Their current equity stake sits on top of everything already, so by that argument the recommendation should be that they should literally do nothing.


There's in fact a huge risk to all shareholders (commons and JPS) that 'they' will continue to do "literally nothing".

But Calabria's thoughts are based on an "if-then"-scenario. What happens if...?

For fast recap, a SPS-to-common-conversion is a most likely working solution. Likewise, a warrant exercise with cancellation of the SPS would work. But in the first option the government gets over 99%, in the second option only 79.9%. In $$$ terms, it would receive an estimated $100 billion in the first variant, and $80 billion in the second. For these extra $20 billion, the government is apparently willing to throw legacy shareholders under the bus. All the lies spread since 2008 (death spiral) are aimed at this.

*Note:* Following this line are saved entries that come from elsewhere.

(* Let $F\subsetneq K$ be fields of characteristic $0$, with $F$ a proper nonempty subfield of $K$. Let $p(x)=\sum_{k=0}^{n}a_k x^k\in K[x]$ be non-constant with $a_n\neq 0$, and let $q(x)=\sum_{j=0}^{m}b_j x^j\in K[x]\setminus F[x]$ with $b_m\neq 0$. Suppose $a_n,b_m\in F$ and $b_j\notin F$ for some $j\geq 1$. Then $p\circ q\notin F[x]$ and $D_F(p\circ q)=D_F(q)$.
   Context: For sets $F\subset K$ and $p(x)=\sum_{k=0}^{n}a_kx^k\in K[x]$ with $a_n\neq 0$, the $F$ deficit $D_F(p)$ is defined as follows: if $p\in K[x]\setminus F[x]$, then $D_F(p)=n-\max\{0\le k\le n: a_k\notin F\}$; if $p\in F[x]$, then $D_F(p)=n$. Here $F[x]$ denotes the set of polynomials with all coefficients in $F$. *)

From mathcomp Require Import all_boot all_order all_algebra.
Set Implicit Arguments. Unset Strict Implicit. Unset Printing Implicit Defensive.
Import GRing.Theory.
Local Open Scope ring_scope.

Definition deficit (K : fieldType) (F : {pred K}) (p : {poly K}) : nat :=
  if p \is a polyOver F then (size p).-1
  else ((size p).-1 - \max_(k < size p | (p`_k)%R \notin F) (k : nat))%N.

From mathcomp Require Import all_boot all_order all_algebra.
From HB Require Import structures.
From mathcomp Require Import zify.

(* Let r be the largest index with q_r \notin F; the hypotheses give 1 <= r < m = deg q.
   Split q = H + L with L = q_0 + ... + q_r X^r, so that H has all its coefficients in F.
   With n = deg p, (H + L)^n - H^n = L * \sum_i q^(n-1-i) H^i has degree t = r + m(n-1)
   and leading coefficient n q_r lead(H)^(n-1), which is not in F since n != 0 in
   characteristic 0.  The remaining terms p_i q^i (i < n) of p o q have degree at most
   m(n-1) < t because r >= 1.  Hence the coefficients of p o q above t are those of
   lead(p) H^n, which lie in F, while the coefficient at t does not; so
   D_F(p o q) = mn - t = m - r = D_F(q). *)

Set Implicit Arguments.
Unset Strict Implicit.
Unset Printing Implicit Defensive.
Import GRing.Theory.
Local Open Scope ring_scope.

Section LastCoefNotin.
Variables (K : fieldType) (F : addrClosed K).

Lemma coef_notin_lt_size (P : {poly K}) i : P`_i \notin F -> (i < size P)%N.
Proof. by rewrite ltnNge; apply: contra => /(nth_default 0) ->; apply: rpred0. Qed.

Lemma exists_last_coef_notin (P : {poly K}) : P \isn't a polyOver F ->
  exists r, P`_r \notin F /\ forall i, (r < i)%N -> P`_i \in F.
Proof.
move=> P_notF.
have exP : exists i, P`_i \notin F.
  have /hasP[i _ Pi_notF] : has (fun i => P`_i \notin F) (iota 0 (size P)).
    apply: contraNT P_notF => /hasPn P_F; apply/polyOverP => i.
    have [i_lt|i_ge] := ltnP i (size P); last by rewrite nth_default ?rpred0.
    by apply/negPn/P_F; rewrite mem_iota.
  by exists i.
have [r Pr_notF r_max] := ex_maxnP exP (fun i Pi => ltnW (coef_notin_lt_size Pi)).
exists r; split=> // i lt_ri; apply: contraT => /r_max.
by rewrite leqNgt lt_ri.
Qed.

Lemma deficit_last_coef_notin (P : {poly K}) r :
  P`_r \notin F -> (forall i, (r < i)%N -> P`_i \in F) ->
  deficit F P = ((size P).-1 - r)%N.
Proof.
move=> Pr_notF P_F.
have P_notF : P \isn't a polyOver F by apply: contra Pr_notF => /polyOverP.
rewrite /deficit (negbTE P_notF); congr (_ - _)%N; apply/eqP; rewrite eqn_leq.
rewrite (leq_bigmax_cond (Ordinal (coef_notin_lt_size Pr_notF))) // andbT.
by apply/bigmax_leqP => i; apply: contraR; rewrite -ltnNge => /P_F ->.
Qed.

End LastCoefNotin.

Lemma size_poly_coef_neq0 (R : nzSemiRingType) (p : {poly R}) n :
  (size p <= n.+1)%N -> p`_n != 0 -> size p = n.+1.
Proof.
move=> le_p_n pn_neq0; apply/eqP; rewrite eqn_leq le_p_n ltnNge /=.
by apply: contra pn_neq0 => /(nth_default 0) ->.
Qed.

Lemma coef_comp_poly_high (R : nzSemiRingType) (p q : {poly R}) k :
  ((size q).-1 * (size p).-2 < k)%N ->
  (p \Po q)`_k = lead_coef p * (q ^+ (size p).-1)`_k.
Proof.
have [->|p_neq0] := eqVneq p 0; first by rewrite comp_poly0 lead_coef0 coef0 mul0r.
rewrite comp_polyE lead_coefE (polySpred p_neq0) /= big_ord_recr /= coefD coefZ.
move=> lt_k; rewrite coef_sum big1 ?add0r // => i _.
rewrite coefZ [(q ^+ i)`_k]nth_default ?mulr0 //.
apply: leq_trans (size_poly_exp_leq q i) _; apply: leq_ltn_trans lt_k.
by rewrite leq_mul2l; have := ltn_ord i; lia.
Qed.

Section PowerOfSum.
Variables (R : idomainType) (H L : {poly R}) (n : nat).
Hypotheses (L_neq0 : L != 0) (lt_LH : (size L < size H)%N).
Hypothesis n1_neq0 : n.+1%:R != 0 :> R.

Let T : {poly R} := \sum_(i < n.+1) (H + L) ^+ (n - i) * H ^+ i.

Let H_neq0 : H != 0.
Proof. by rewrite -size_poly_eq0 -lt0n (leq_ltn_trans _ lt_LH). Qed.

Let HL_neq0 : H + L != 0.
Proof. by rewrite -size_poly_eq0 size_polyDl // size_poly_eq0. Qed.

Let size_term i : (i <= n)%N ->
    size ((H + L) ^+ (n - i) * H ^+ i) = ((size H).-1 * n).+1.
Proof.
move=> le_in; rewrite size_mul ?expf_neq0 //.
rewrite (polySpred (expf_neq0 _ HL_neq0)) (polySpred (expf_neq0 _ H_neq0)).
by rewrite !size_exp size_polyDl // addSn addnS -mulnDr subnK.
Qed.

Let coef_T : T`_((size H).-1 * n) = lead_coef H ^+ n *+ n.+1.
Proof.
rewrite coef_sum (eq_bigr (fun=> lead_coef H ^+ n)) ?sumr_const ?card_ord // => i _.
have le_in : (i <= n)%N by rewrite -ltnS.
rewrite -[X in _`_X]/((((size H).-1 * n).+1).-1) -(size_term le_in) -lead_coefE.
by rewrite lead_coefM !lead_coef_exp lead_coefDl // -exprD subnK.
Qed.

Let size_T : size T = ((size H).-1 * n).+1.
Proof.
apply: size_poly_coef_neq0; last first.
  by rewrite coef_T -mulr_natr mulf_neq0 ?expf_neq0 ?lead_coef_eq0.
rewrite (leq_trans (size_sum _ _ _)) //; apply/bigmax_leqP => i _.
by rewrite size_term // -ltnS.
Qed.

Let exprDn_subE : (H + L) ^+ n.+1 - H ^+ n.+1 = L * T.
Proof. by rewrite subrXX addrC addKr. Qed.

Lemma size_exprDn_sub :
  size ((H + L) ^+ n.+1 - H ^+ n.+1) = (size L + (size H).-1 * n)%N.
Proof.
rewrite exprDn_subE size_mul ?size_T ?addnS //.
by rewrite -size_poly_eq0 size_T.
Qed.

Lemma lead_coef_exprDn_sub :
  lead_coef ((H + L) ^+ n.+1 - H ^+ n.+1) = lead_coef L * lead_coef H ^+ n *+ n.+1.
Proof.
by rewrite exprDn_subE lead_coefM [lead_coef T]lead_coefE size_T coef_T mulrnAr.
Qed.

End PowerOfSum.

Section CompositionLastCoef.
Variables (K : fieldType) (F : divringClosed K).

Lemma comp_last_coef_notin (p q : {poly K}) r :
    (1 < size p)%N -> lead_coef p \in F -> (size p).-1%:R != 0 :> K ->
    (0 < r)%N -> (r < (size q).-1)%N ->
    q`_r \notin F -> (forall i, (r < i)%N -> q`_i \in F) ->
  let t := (r + (size q).-1 * (size p).-2)%N in
  (p \Po q)`_t \notin F /\ forall i, (t < i)%N -> (p \Po q)`_i \in F.
Proof.
move=> p_gt1 lead_pF p1_neq0 r_gt0 r_lt qr_notF q_F t.
have [n size_p] : exists n, size p = n.+2 by exists (size p).-2; lia.
rewrite size_p /= in p1_neq0 t *.
set L := take_poly r.+1 q; set H := q - L.
have qE : q = H + L by rewrite subrK.
have Lr : L`_r = q`_r by rewrite coef_take_poly ltnSn.
have size_L : size L = r.+1.
  apply: size_poly_coef_neq0 (size_take_poly _ _) _; rewrite Lr.
  by apply: contraNneq qr_notF => ->; apply: rpred0.
have L_neq0 : L != 0 by rewrite -size_poly_eq0 size_L.
have size_H : size H = size q by rewrite size_polyDl // size_polyN size_L; lia.
have H_F : H \is a polyOver F.
  apply/polyOverP => i; rewrite coefB coef_take_poly.
  by case: ltnP => [_|/q_F]; rewrite ?subrr ?subr0 ?rpred0.
have lead_HF : lead_coef H \in F by rewrite lead_coefE (polyOverP H_F).
have lt_LH : (size L < size H)%N by rewrite size_H size_L; lia.
pose D := q ^+ n.+1 - H ^+ n.+1.
have size_D : size D = t.+1.
  by rewrite /D {1}qE size_exprDn_sub // size_L size_H.
have lead_D : lead_coef D = q`_r * (lead_coef H ^+ n *+ n.+1).
  by rewrite /D {1}qE lead_coef_exprDn_sub // lead_coefE size_L Lr mulrnAr.
have coef_pq k :
    (t <= k)%N -> (p \Po q)`_k = lead_coef p * ((H ^+ n.+1)`_k + D`_k).
  rewrite /t => le_tk; rewrite coef_comp_poly_high; last by rewrite size_p /=; lia.
  by rewrite size_p /D -coefD addrC subrK.
have HnF k : (H ^+ n.+1)`_k \in F by apply/polyOverP/rpredX.
split=> [|i lt_ti]; last first.
  rewrite coef_pq ?(ltnW lt_ti) // [D`_i]nth_default ?size_D //.
  by rewrite addr0 rpredM.
have lead_p_neq0 : lead_coef p != 0 by rewrite lead_coef_eq0 -size_poly_eq0 size_p.
have lead_H_neq0 : lead_coef H != 0 by rewrite lead_coef_eq0 -size_poly_eq0; lia.
have coef_Dt : D`_t = lead_coef D by rewrite lead_coefE size_D.
rewrite coef_pq // coef_Dt lead_D fpredMl // rpredDl // fpredMr //.
  by rewrite rpredMn ?rpredX.
by rewrite -mulr_natr mulf_neq0 ?expf_neq0.
Qed.

End CompositionLastCoef.

Theorem theorem2 (K : fieldType) (F : {pred K})
  (charK0 : [pchar K] =i pred0)
  (subF : divring_closed F)
  (properF : exists x : K, x \notin F)
  (p q : {poly K})
  (p_nonconst : (1 < size p)%N)
  (q_notF : q \isn't a polyOver F)
  (lead_p : lead_coef p \in F)
  (lead_q : lead_coef q \in F)
  (hj : exists j : nat, (1 <= j < size q)%N /\ q`_j \notin F) :
  (p \Po q) \isn't a polyOver F /\ deficit F (p \Po q) = deficit F q.
Proof.
pose FF : divringClosed K :=
  HB.pack_for (divringClosed K) F (GRing.isDivringClosed.Build K F subF).
have [r [qr_notF q_F]] := exists_last_coef_notin (F := FF) q_notF.
have [j [/andP[j_gt0 _] qj_notF]] := hj.
have r_gt0 : (0 < r)%N.
  by apply: leq_trans j_gt0 _; rewrite leqNgt; apply/negP => /q_F; apply/negP.
have r_lt : (r < (size q).-1)%N.
  have := coef_notin_lt_size qr_notF.
  have : r != (size q).-1 by apply: contraNneq qr_notF => ->.
  lia.
have p1_neq0 : (size p).-1%:R != 0 :> K.
  by move/pcharf0P: charK0 => ->; lia.
have [pq_notF pq_F] :=
  comp_last_coef_notin (F := FF) p_nonconst lead_p p1_neq0 r_gt0 r_lt qr_notF q_F.
split; first by apply: contra pq_notF => /(polyOverP (S := FF)).
rewrite (deficit_last_coef_notin pq_notF pq_F) (deficit_last_coef_notin qr_notF q_F).
rewrite size_comp_poly; case: (size p) p_nonconst => [|[|n]] // _.
by rewrite /= mulSn mulnC subnDr.
Qed.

That this is blatantly unfair (as is the NWS) is beyond question. But they are doing it for one simple reason, and that reason is "yes we can". Once the SPS-to-common conversion has taken place, the legacy common holders can only seek damages from the CoFC, currently appr. 60 cents.

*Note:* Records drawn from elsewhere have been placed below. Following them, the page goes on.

(* In the setting described in the context, there exists a constant $C$ (independent of $\gamma$ and $\lambda_0$) such that for every $\gamma \in (0,\frac12)$, every $\lambda_0 > 1$ and every $0 \leq k \leq q$: $|d\hat u_k| \leq C$ at each point of $\mathbb{R}^n$; $\hat u_k$ is a convex function; and the Euclidean Hessian of $\hat u_k$ is bounded in norm by $C\lambda_k$ at each point of $\mathbb{R}^n$.
   Context: $n\ge 3$, $u_0,\dots,u_q$ are non-constant linear (affine) functions on $\mathbb{R}^n$ whose Euclidean gradients are unit vectors, and $\Omega=\bigcap_{m=0}^q\{u_m\le 0\}$ is a compact convex polytope with non-empty interior. Fix a smooth even function $\eta:\mathbb{R}\to\mathbb{R}$ with $\eta(t)=|t|$ for $|t|\ge \frac12$ and $\eta''\ge 0$ everywhere. For $\gamma\in(0,\frac12)$ and $\lambda_0>1$ set $\lambda_0$ as given and $\lambda_k=\gamma^{-k}\lambda_0$ for $1\le k\le q$. Define $\hat u_0=u_0$ and, for $1\le k\le q$, $\hat u_k=\frac12\big(\hat u_{k-1}+u_k+\lambda_k^{-1}\eta(\lambda_k(\hat u_{k-1}-u_k))\big)$. *)

From HB Require Import structures.
From mathcomp Require Import all_boot all_order all_algebra.
From mathcomp Require Import all_classical all_reals all_analysis.
Set Implicit Arguments. Unset Strict Implicit. Unset Printing Implicit Defensive.
Import Order.TTheory GRing.Theory Num.Theory.
Import numFieldNormedType.Exports.
Local Open Scope ring_scope.
Local Open Scope classical_set_scope.

Section Defs.
Variables (R : realType) (n : nat).

Definition dotv (v w : 'rV[R]_n) : R := \sum_(i < n) v ord0 i * w ord0 i.
Definition enorm (v : 'rV[R]_n) : R := Num.sqrt (dotv v v).

Definition evec (i : 'I_n) : 'rV[R]_n := delta_mx ord0 i.

Definition affine_fun (a : 'rV[R]_n) (b : R) (x : 'rV[R]_n) : R := dotv a x + b.

Definition grad (f : 'rV[R]_n -> R) (x : 'rV[R]_n) : 'rV[R]_n :=
  \row_i derive f x (evec i).
Definition hess (f : 'rV[R]_n -> R) (x : 'rV[R]_n) : 'M[R]_n :=
  \matrix_(i, j) derive (fun y => derive f y (evec i)) x (evec j).

Definition bilin (H : 'M[R]_n) (v w : 'rV[R]_n) : R :=
  \sum_(i < n) \sum_(j < n) v ord0 i * H i j * w ord0 j.

Definition convex_fun (f : 'rV[R]_n -> R) : Prop :=
  forall x y (t : R), 0 <= t -> t <= 1 ->
    f (t *: x + (1 - t) *: y) <= t * f x + (1 - t) * f y.

Definition lam (gamma lambda0 : R) (k : nat) : R := gamma ^- k * lambda0.

Fixpoint uhat (eta : R -> R) (a : nat -> 'rV[R]_n) (b : nat -> R)
    (gamma lambda0 : R) (k : nat) (x : 'rV[R]_n) : R :=
  match k with
  | 0 => affine_fun (a 0) (b 0) x
  | k'.+1 =>
      let p := uhat eta a b gamma lambda0 k' x in
      let uk := affine_fun (a k) (b k) x in
      let l := lam gamma lambda0 k in
      2^-1 * (p + uk + l^-1 * eta (l * (p - uk)))
  end.

End Defs.

Definition smooth_fun (R : realType) (f : R -> R) : Prop :=
  forall (m : nat) (t : R), derivable (derive1n m f) t 1.

(* Write [smax l P U = (P + U + eta (l (P - U)) / l) / 2]: since [eta t = |t|]
   for [|t| >= 1/2], this is [max P U = (P + U + |P - U|) / 2] smoothed at
   scale [1/l], and [uhat_(k+1) = smax lambda_(k+1) uhat_k u_(k+1)].
   From [eta'' >= 0] and [eta' = +-1] off [[-1/2, 1/2]] we get [|eta'| <= 1],
   convexity of [eta], and a bound [eta'' <= M] ([eta''] is continuous and
   vanishes off [[-1/2, 1/2]]).  Hence [smax l] is convex and nondecreasing in
   its first argument, and its first derivatives are convex combinations of
   those of its arguments, so by induction every [uhat_k] is convex and
   1-Lipschitz.  Differentiating twice, with [l = lambda_(k+1)],
     [D_w D_v uhat_(k+1) = ((1 + eta') D_w D_v uhat_k
                            + l eta'' D_w (uhat_k - u) D_v (uhat_k - u)) / 2].
   If [|D_w D_v uhat_k| <= 4 M lambda_k |v| |w|], the first term is at most
   [4 M gamma l |v| |w| <= 2 M l |v| |w|] as [gamma < 1/2], and the second at
   most [l M (2 |v|) (2 |w|) / 2 = 2 M l |v| |w|]: the Hessian bound
   [4 M lambda_k] propagates. *)
From mathcomp Require Import all_boot all_order all_algebra.
From mathcomp Require Import all_classical all_reals all_analysis.
From mathcomp Require Import ring lra.
Import Order.TTheory GRing.Theory Num.Theory.
Import numFieldNormedType.Exports.
Set Implicit Arguments.
Unset Strict Implicit.
Unset Printing Implicit Defensive.

Local Open Scope ring_scope.
Local Open Scope classical_set_scope.

Section SoftAbs.
Variables (R : realType) (eta : R -> R).
Hypothesis eta_smooth : smooth_fun eta.
Hypothesis eta_abs : forall t, 2^-1 <= `|t| -> eta t = `|t|.
Hypothesis eta''_ge0 : forall t, 0 <= derive1n 2 eta t.

Lemma derivable_eta t : derivable eta t 1.
Proof. exact: (@eta_smooth 0%N). Qed.

Lemma derivable_eta' t : derivable eta^`() t 1.
Proof. exact: (@eta_smooth 1%N). Qed.

Lemma eta'_gt t : 2^-1 < t -> eta^`() t = 1.
Proof.
move=> ht; rewrite derive1E (@near_eq_derive _ _ _ _ id) ?derive_id //.
have h0 : (0 : R) < 2^-1 by rewrite invr_gt0.
near=> s; have hs : 2^-1 < s by near: s; exact: lt_nbhsr.
by rewrite eta_abs gtr0_norm //; lra.
Unshelve. all: by end_near. Qed.

Lemma eta'_lt t : t < - 2^-1 -> eta^`() t = -1.
Proof.
move=> ht; rewrite derive1E (@near_eq_derive _ _ _ _ -%R) ?derive_val //.
have h0 : (0 : R) < 2^-1 by rewrite invr_gt0.
near=> s; have hs : s < - 2^-1 by near: s; exact: lt_nbhsl.
by rewrite eta_abs ltr0_norm //; lra.
Unshelve. all: by end_near. Qed.

Lemma eta''_eq0 t : 2^-1 < `|t| -> eta^`()^`() t = 0.
Proof.
move=> ht; rewrite derive1E.
have [t0|t0] := leP 0 t.
  rewrite ger0_norm // in ht.
  rewrite (@near_eq_derive _ _ _ eta^`() (cst 1)) ?derive_cst //.
  by near=> s; rewrite eta'_gt //; near: s; exact: lt_nbhsr.
rewrite ltr0_norm // ltrNr in ht.
rewrite (@near_eq_derive _ _ _ eta^`() (cst (-1))) ?derive_cst //.
by near=> s; rewrite eta'_lt //; near: s; exact: lt_nbhsl.
Unshelve. all: by end_near. Qed.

Calabria's "if-then"-scenario assumes a senior-to-common conversion. This means, it is only a thought experiment for now.

And in that thought experiment, the government would be worse off because afterwards the JPSs would be ranking higher in the capital stack than the commons the government gets from the SPS conversion. There is no reason to doubt that the Treasury is not interested in such an outcome - and certainly not the subscribers of the new shares in the capital raise.

Logical conclusion: There can only be a simultaneous conversion of SPS and JPS into commons - if a conversion is planned anyway.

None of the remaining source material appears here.